Exercise instructions
Your answer should be the entries, repeated exactly.

Exercise material
Section Packing.
Variables (R : realType) (t l1 l2 l3 l4 l5 l6 l7 : nat) (w : 'I_t -> 'I_t -> R).
Hypothesis w_complete : weighted_complete w.
Variables (c1 : 'I_l1 -> 'I_8 -> 'I_t) (c2 : 'I_l2 -> 'I_5 -> 'I_t)
  (c3 : 'I_l3 -> 'I_5 -> 'I_t) (c4 : 'I_l4 -> 'I_4 -> 'I_t)
  (c5 : 'I_l5 -> 'I_4 -> 'I_t) (c6 : 'I_l6 -> 'I_3 -> 'I_t)
  (c7 : 'I_l7 -> 'I_2 -> 'I_t).
Hypotheses (H1 : forall a, half_cycle w (c1 a)) (H2 : forall a, half_clique w (c2 a))
  (H3 : forall a, half_cycle w (c3 a)) (H4 : forall a, half_clique w (c4 a))
  (H5 : forall a, half_cycle w (c5 a)) (H6 : forall a, half_clique w (c6 a))
  (H7 : forall a, half_clique w (c7 a)).
Hypothesis packing_inj : injective (packing_map c1 c2 c3 c4 c5 c6 c7).

Lemma packing_saving_le_sum_excess (u : 'I_t -> R) mu : (forall i, 0 <= u i) ->
  packing_saving R l1 l2 l3 l4 l5 l6 l7 * mu ^+ 2 <= \sum_i excess w u mu i.
Proof.
move=> u_ge0.
apply: le_trans (ler_sum_inj (F := excess w u mu) packing_inj
  (fun i => excess_ge0 w_complete u_ge0 mu i)).
have cyc k (f : 'I_k -> 'I_t) := excess_half_cycle w_complete u_ge0 mu (f := f).
have cli k (f : 'I_k -> 'I_t) := excess_half_clique w_complete u_ge0 mu (f := f).
have b1 := ler_sum_blocks (F := excess w u mu) (fun a => cyc 8 _ isT (H1 a)).
have b2 := ler_sum_blocks (F := excess w u mu) (fun a => cli 5 _ (H2 a)).
have b3 := ler_sum_blocks (F := excess w u mu) (fun a => cyc 5 _ isT (H3 a)).
have b4 := ler_sum_blocks (F := excess w u mu) (fun a => cli 4 _ (H4 a)).
have b5 := ler_sum_blocks (F := excess w u mu) (fun a => cyc 4 _ isT (H5 a)).
have b6 := ler_sum_blocks (F := excess w u mu) (fun a => cli 3 _ (H6 a)).
have b7 := ler_sum_blocks (F := excess w u mu) (fun a => cli 2 _ (H7 a)).
rewrite !big_sumType /=.
apply: le_trans (lerD b1 (lerD b2 (lerD b3 (lerD b4 (lerD b5 (lerD b6 b7)))))).
by rewrite le_eqVlt; apply/predU1l; rewrite /packing_saving; field.
Qed.

Lemma one_sub_two_wform_ge (u : 'I_t -> R) mu : simplex u ->
  2 * mu - (t%:R - packing_saving R l1 l2 l3 l4 l5 l6 l7) * mu ^+ 2 <= 1 - 2 * wform w u.
Proof.
move=> [u_ge0 u_sum1].
rewrite (one_sub_two_wform w_complete u_sum1) (sum_excess w mu u_sum1).
by have := packing_saving_le_sum_excess mu u_ge0; lra.
Qed.

End Packing.

Lemma two_wform_le (R : realType) t (w : 'I_t -> 'I_t -> R) (u : 'I_t -> R) (D : R) :
  (forall mu, 2 * mu - D * mu ^+ 2 <= 1 - 2 * wform w u) -> 2 * wform w u <= 1 - D^-1.
Proof.
move=> bound; have [D_gt0|D_le0] := ltP 0 D.
  have := bound D^-1; rewrite expr2 mulrA mulfV ?gt_eqF // mul1r; lra.
have : D^-1 <= 0 by rewrite invr_le0.
by have := bound 0; lra.
Qed.

Lemma two_edge_density_le (R : realType) t (w : 'I_t -> 'I_t -> R) (D : R) :
  D <= t%:R ->
  (forall u, simplex u -> forall mu, 2 * mu - D * mu ^+ 2 <= 1 - 2 * wform w u) ->
  2 * edge_density w <= 1 - D^-1.
Proof.
move=> D_le_t bound; case: (posnP t) => [t0|t_gt0].
  have no_point : @simplex R t = set0.
    apply/seteqP; split => // u [_]; rewrite big_pred0 => [/esym/eqP|i].
      by rewrite oner_eq0.
    by case: i => i; rewrite t0.
  rewrite /edge_density no_point image_set0 sup0 mulr0 subr_ge0.
  by rewrite t0 in D_le_t; rewrite (le_trans _ ler01) // invr_le0.
suff : edge_density w <= (1 - D^-1) / 2 by lra.
apply: ge_sup => [|_ [u u_simplex <-]].
  exists (wform w (fun=> t%:R^-1)), (fun=> t%:R^-1) => //.
  split=> [i|]; first by rewrite invr_ge0 ler0n.
  by rewrite sumr_const card_ord -[_ *+ t]mulr_natr mulVf // pnatr_eq0 -lt0n.
by have := two_wform_le (bound u u_simplex); lra.
Qed.

Theorem mainTheorem7 (R : realType) (t l1 l2 l3 l4 l5 l6 l7 : nat)
  (w : 'I_t -> 'I_t -> R) (Hw : weighted_complete w)
  (c1 : 'I_l1 -> 'I_8 -> 'I_t) (c2 : 'I_l2 -> 'I_5 -> 'I_t)
  (c3 : 'I_l3 -> 'I_5 -> 'I_t) (c4 : 'I_l4 -> 'I_4 -> 'I_t)
  (c5 : 'I_l5 -> 'I_4 -> 'I_t) (c6 : 'I_l6 -> 'I_3 -> 'I_t)
  (c7 : 'I_l7 -> 'I_2 -> 'I_t)
  (H1 : forall a, half_cycle w (c1 a))
  (H2 : forall a, half_clique w (c2 a))
  (H3 : forall a, half_cycle w (c3 a))
  (H4 : forall a, half_clique w (c4 a))
  (H5 : forall a, half_cycle w (c5 a))
  (H6 : forall a, half_clique w (c6 a))
  (H7 : forall a, half_clique w (c7 a))
  (Hdisj : injective (packing_map c1 c2 c3 c4 c5 c6 c7)) :
  2 * edge_density w <=
  1 - 30 / (30 * t%:R - 120 * l1%:R - 100 * l2%:R - 75 * l3%:R - 72 * l4%:R
            - 60 * l5%:R - 45 * l6%:R - 20 * l7%:R).
Proof.
set D := t%:R - packing_saving R l1 l2 l3 l4 l5 l6 l7.
have -> : 30 * t%:R - 120 * l1%:R - 100 * l2%:R - 75 * l3%:R - 72 * l4%:R
    - 60 * l5%:R - 45 * l6%:R - 20 * l7%:R = 30 * D.
  by rewrite /D /packing_saving; field.
rewrite invfM mulrA mulfV ?mul1r ?pnatr_eq0 //.
apply: two_edge_density_le => [|u u_simplex mu].
  by rewrite gerBl /packing_saving !addr_ge0 ?mulr_ge0 ?invr_ge0 ?ler0n.
exact: (one_sub_two_wform_ge Hw H1 H2 H3 H4 H5 H6 H7 Hdisj).
Qed.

Answer below
Section Packing.
Variables (R : realType) (t l1 l2 l3 l4 l5 l6 l7 : nat) (w : 'I_t -> 'I_t -> R).
Hypothesis w_complete : weighted_complete w.
Variables (c1 : 'I_l1 -> 'I_8 -> 'I_t) (c2 : 'I_l2 -> 'I_5 -> 'I_t)
  (c3 : 'I_l3 -> 'I_5 -> 'I_t) (c4 : 'I_l4 -> 'I_4 -> 'I_t)
  (c5 : 'I_l5 -> 'I_4 -> 'I_t) (c6 : 'I_l6 -> 'I_3 -> 'I_t)
  (c7 : 'I_l7 -> 'I_2 -> 'I_t).
Hypotheses (H1 : forall a, half_cycle w (c1 a)) (H2 : forall a, half_clique w (c2 a))
  (H3 : forall a, half_cycle w (c3 a)) (H4 : forall a, half_clique w (c4 a))
  (H5 : forall a, half_cycle w (c5 a)) (H6 : forall a, half_clique w (c6 a))
  (H7 : forall a, half_clique w (c7 a)).
Hypothesis packing_inj : injective (packing_map c1 c2 c3 c4 c5 c6 c7).

Lemma packing_saving_le_sum_excess (u : 'I_t -> R) mu : (forall i, 0 <= u i) ->
  packing_saving R l1 l2 l3 l4 l5 l6 l7 * mu ^+ 2 <= \sum_i excess w u mu i.
Proof.
move=> u_ge0.
apply: le_trans (ler_sum_inj (F := excess w u mu) packing_inj
  (fun i => excess_ge0 w_complete u_ge0 mu i)).
have cyc k (f : 'I_k -> 'I_t) := excess_half_cycle w_complete u_ge0 mu (f := f).
have cli k (f : 'I_k -> 'I_t) := excess_half_clique w_complete u_ge0 mu (f := f).
have b1 := ler_sum_blocks (F := excess w u mu) (fun a => cyc 8 _ isT (H1 a)).
have b2 := ler_sum_blocks (F := excess w u mu) (fun a => cli 5 _ (H2 a)).
have b3 := ler_sum_blocks (F := excess w u mu) (fun a => cyc 5 _ isT (H3 a)).
have b4 := ler_sum_blocks (F := excess w u mu) (fun a => cli 4 _ (H4 a)).
have b5 := ler_sum_blocks (F := excess w u mu) (fun a => cyc 4 _ isT (H5 a)).
have b6 := ler_sum_blocks (F := excess w u mu) (fun a => cli 3 _ (H6 a)).
have b7 := ler_sum_blocks (F := excess w u mu) (fun a => cli 2 _ (H7 a)).
rewrite !big_sumType /=.
apply: le_trans (lerD b1 (lerD b2 (lerD b3 (lerD b4 (lerD b5 (lerD b6 b7)))))).
by rewrite le_eqVlt; apply/predU1l; rewrite /packing_saving; field.
Qed.

Lemma one_sub_two_wform_ge (u : 'I_t -> R) mu : simplex u ->
  2 * mu - (t%:R - packing_saving R l1 l2 l3 l4 l5 l6 l7) * mu ^+ 2 <= 1 - 2 * wform w u.
Proof.
move=> [u_ge0 u_sum1].
rewrite (one_sub_two_wform w_complete u_sum1) (sum_excess w mu u_sum1).
by have := packing_saving_le_sum_excess mu u_ge0; lra.
Qed.

End Packing.

Lemma two_wform_le (R : realType) t (w : 'I_t -> 'I_t -> R) (u : 'I_t -> R) (D : R) :
  (forall mu, 2 * mu - D * mu ^+ 2 <= 1 - 2 * wform w u) -> 2 * wform w u <= 1 - D^-1.
Proof.
move=> bound; have [D_gt0|D_le0] := ltP 0 D.
  have := bound D^-1; rewrite expr2 mulrA mulfV ?gt_eqF // mul1r; lra.
have : D^-1 <= 0 by rewrite invr_le0.
by have := bound 0; lra.
Qed.

Lemma two_edge_density_le (R : realType) t (w : 'I_t -> 'I_t -> R) (D : R) :
  D <= t%:R ->
  (forall u, simplex u -> forall mu, 2 * mu - D * mu ^+ 2 <= 1 - 2 * wform w u) ->
  2 * edge_density w <= 1 - D^-1.
Proof.
move=> D_le_t bound; case: (posnP t) => [t0|t_gt0].
  have no_point : @simplex R t = set0.
    apply/seteqP; split => // u [_]; rewrite big_pred0 => [/esym/eqP|i].
      by rewrite oner_eq0.
    by case: i => i; rewrite t0.
  rewrite /edge_density no_point image_set0 sup0 mulr0 subr_ge0.
  by rewrite t0 in D_le_t; rewrite (le_trans _ ler01) // invr_le0.
suff : edge_density w <= (1 - D^-1) / 2 by lra.
apply: ge_sup => [|_ [u u_simplex <-]].
  exists (wform w (fun=> t%:R^-1)), (fun=> t%:R^-1) => //.
  split=> [i|]; first by rewrite invr_ge0 ler0n.
  by rewrite sumr_const card_ord -[_ *+ t]mulr_natr mulVf // pnatr_eq0 -lt0n.
by have := two_wform_le (bound u u_simplex); lra.
Qed.

Theorem mainTheorem7 (R : realType) (t l1 l2 l3 l4 l5 l6 l7 : nat)
  (w : 'I_t -> 'I_t -> R) (Hw : weighted_complete w)
  (c1 : 'I_l1 -> 'I_8 -> 'I_t) (c2 : 'I_l2 -> 'I_5 -> 'I_t)
  (c3 : 'I_l3 -> 'I_5 -> 'I_t) (c4 : 'I_l4 -> 'I_4 -> 'I_t)
  (c5 : 'I_l5 -> 'I_4 -> 'I_t) (c6 : 'I_l6 -> 'I_3 -> 'I_t)
  (c7 : 'I_l7 -> 'I_2 -> 'I_t)
  (H1 : forall a, half_cycle w (c1 a))
  (H2 : forall a, half_clique w (c2 a))
  (H3 : forall a, half_cycle w (c3 a))
  (H4 : forall a, half_clique w (c4 a))
  (H5 : forall a, half_cycle w (c5 a))
  (H6 : forall a, half_clique w (c6 a))
  (H7 : forall a, half_clique w (c7 a))
  (Hdisj : injective (packing_map c1 c2 c3 c4 c5 c6 c7)) :
  2 * edge_density w <=
  1 - 30 / (30 * t%:R - 120 * l1%:R - 100 * l2%:R - 75 * l3%:R - 72 * l4%:R
            - 60 * l5%:R - 45 * l6%:R - 20 * l7%:R).
Proof.
set D := t%:R - packing_saving R l1 l2 l3 l4 l5 l6 l7.
have -> : 30 * t%:R - 120 * l1%:R - 100 * l2%:R - 75 * l3%:R - 72 * l4%:R
    - 60 * l5%:R - 45 * l6%:R - 20 * l7%:R = 30 * D.
  by rewrite /D /packing_saving; field.
rewrite invfM mulrA mulfV ?mul1r ?pnatr_eq0 //.
apply: two_edge_density_le => [|u u_simplex mu].
  by rewrite gerBl /packing_saving !addr_ge0 ?mulr_ge0 ?invr_ge0 ?ler0n.
exact: (one_sub_two_wform_ge Hw H1 H2 H3 H4 H5 H6 H7 Hdisj).
Qed.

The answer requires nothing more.